Created attachment 5396 [details] Patch against current trunk of the above
+ echo( "\nUsing title '" . $title->getPrefixedText() . "'..." ); + if( is_object( $title ) ) { ^ This sequence will cause a fatal error in the 'echo' line, so the is_object() check will never be reached for the invalid title case. Alas this is in the original too, but now's a chance to fix it. ;) +$separator="<title>"; ... + $pages = explode( $separator, $text ); + for ($i=1,$cnt=count($pages);$i<$cnt;$i+=2) { + $title = $pages[$i]; + $text = $pages[$i+1]; + insertNewArticle( $title, $text, $comment, $flags ); + } Couple of things I'm not sure I like about this. First, it means that the separator cannot appear in the page text. This could be a problem if your text might be documentation -- docs about HTML or about the wiki might legitimately want to talk about <title> tags, and they'll break here. Unlike the XML import, there's no general provision for escaping; you'd have to manually escape, and then they'd be explicitly escaped in the actual imported text as well. Second, it looks like the idea is to do something like: <title>First title<title> First text First text continues <title>Second title<title> Second text Second text continues The use of XML-looking tags here is a bit uggy, in that one might expect <title>...</title> (with the slash in the close tag), but that wouldn't work. Additionally, I think you'll end up with an extra newline at the start of the page text, unless you do it like this: <title>First title<title>First text First text continues <title>Second title<title>Second text Second text continues which looks odd. My personal inclination is to recommend that if you're building batches of pages to import programmatically, it'll be almost as easy and more reliable to just generate the XML import/export format. + } else if (isset( $options['fileslist']) && !strstr( $text, $separator ) && !isset( $options['morepages'])) { + $pages = preg_split( "/\s+/", $text ); + for ($i=0,$cnt=count($pages);$pages[$i] && $i<$cnt;$i++) { + $text = file_get_contents( $pages[$i]); + $title = titleFromFilename($pages[$i]); + insertNewArticle( $title, $text, $comment, $flags ); This seems to be meant to allow passing a file containing a list of filenames to import. The main problem here is that the file is split on all whitespace; thus any pathnames containing spaces will be incorrectly split. Generally where we accept lists of target pages or files, we do the separation by newline, which won't interfere with spaces inside the target page/file name.

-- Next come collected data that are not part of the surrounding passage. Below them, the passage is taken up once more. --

Lemma act_hom_eq {t s : K} {w w' : list (letter K)} {r : list (K * bool)} :
  hom_eq t s w w' -> reduced r -> act w r = act w' r.
Proof.
  intros (_ & _ & Hc) Hr; induction Hc as [w w' Hstep| | |]; auto; [|congruence].
  destruct Hstep as (p & q & l & l' & Hll' & -> & -> & _).
  rewrite !act_app; f_equal; exact (act_rel_base Hll' (reduced_act q Hr)).
Qed.

Definition acts_trivially (w : list (letter K)) : Prop :=
  forall s, reduced s -> act w s = s.

Lemma acts_trivially_hom_eq {t s : K} {w w' : list (letter K)} :
  hom_eq t s w w' -> acts_trivially w' -> acts_trivially w.
Proof. intros Hw Htriv r Hr; rewrite (act_hom_eq Hw Hr); exact (Htriv r Hr). Qed.

Lemma act_edges {e : list (letter K)} (s : list (K * bool)) :
  (forall x, In x e -> is_edge x) -> act e s = s.
Proof.
  induction e as [|x e IH]; intros He; [reflexivity|].
  destruct x; [destruct (He _ (or_introl eq_refl))|].
  exact (IH (fun y Hy => He y (or_intror Hy))).
Qed.

Lemma inZY_acts_trivially {t : K} {w : list (letter K)} :
  inZY t t w -> acts_trivially w.
Proof.
  intros (e & He & Hw); apply (acts_trivially_hom_eq Hw).
  intros s _; exact (act_edges s He).
Qed.

Lemma acts_trivially_conj (v z : list (letter K)) :
  acts_trivially (v ++ z ++ inv_word v) <-> acts_trivially z.
Proof.
  unfold acts_trivially; split; intros Htriv s Hs.
  - assert (Hv : act v (act z s) = act v s).
    { specialize (Htriv _ (reduced_act v Hs)).
      now rewrite !act_app, (act_inv_word v Hs) in Htriv. }
    rewrite <- (act_inv_word v (reduced_act z Hs)), Hv.
    exact (act_inv_word v Hs).
  - rewrite !act_app, (Htriv _ (reduced_act (inv_word v) Hs)).
    exact (act_inv_word_r v Hs).
Qed.

End FreeAction.

Section VertexGroups.
Context {K : wellOrder}.

Definition below (a : K) (g : list (K * bool)) : Prop :=
  forall p, In p g -> wo_lt K (fst p) a.

Lemma below_push {a : K} {x : K * bool} {s : list (K * bool)} :
  below a (x :: s) -> below a (push x s).
Proof. intros Hs p Hp; apply Hs; destruct (in_push Hp); simpl; auto. Qed.

Lemma below_reduce {a : K} {g : list (K * bool)} : below a g -> below a (reduce g).
Proof.
  induction g as [|x g IH]; intros Hg; simpl; [exact Hg|].
  apply below_push; intros p [<-|Hp]; [apply Hg; now left|].
  apply IH; auto; intros q Hq; apply Hg; now right.
Qed.
Theorem theorem3p1 (R : realType) (n : nat)
  (Ptrue : probability (borelX R n) R)
  (Pk : nat -> probability (borelX R n) R) :
  convex_set (supp Ptrue : set (convex_lmodType 'rV[R]_n)) ->
  compact (supp Ptrue) ->
  (forall k (A : set (borelX R n)), measurable A ->
     pushforward (Pk k) (projM (supp Ptrue) : borelX R n -> borelX R n) A = Ptrue A) ->
  forall (k : nat) (tau p : R), 0 <= tau -> 1 <= p ->
    (Gamma (distM (supp Ptrue)) /\
     (forall f, Gamma f ->
        (objective Ptrue (Pk k) tau p (distM (supp Ptrue))
         <= objective Ptrue (Pk k) tau p f)%E)) /\
    (0 < tau ->
     (\int[Pk k]_x (enorm x)%:E < +oo)%E ->
     forall fstar, Gamma fstar ->
       (forall f, Gamma f ->
          (objective Ptrue (Pk k) tau p fstar <= objective Ptrue (Pk k) tau p f)%E) ->
       forall u, supp (Pk k) u -> fstar u = distM (supp Ptrue) u).
Proof.
move=> M_convex M_compact push k tau p tau_ge0 p_ge1.
have M0 := supp_neq0 (push k).
split; first split.
- exact: Gamma_distM M0 M_compact.
- by move=> f /(distM_minimizes M_convex M_compact (push k) tau_ge0 p_ge1).
- move=> tau_gt0 moment fstar fstar_Gamma fstar_min u.
  exact: (minimizer_eq_distM M_convex M_compact (push k) tau_ge0 p_ge1 tau_gt0 moment
    fstar_Gamma fstar_min).
Qed.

I don't understand if you want remove line + echo( "\nUsing title '" . $title->getPrefixedText() . "'..." ); or if you want this: + if( is_object( $title ) ) { + echo( "\nUsing title '" . $title->getPrefixedText() . "'..." ); About $separator, I change all and now user could decide <separator> from command line. And I remove 'extra newline' with command line: + $separator="/".$separator."\s*/"; + $pages = preg_split( $separator, $text ); About "\s+" of files list I modify with "\n". Script modified is here: http://gbrowse.org/reports/importTextsFile_php Thanks, Alessandra Bilardi.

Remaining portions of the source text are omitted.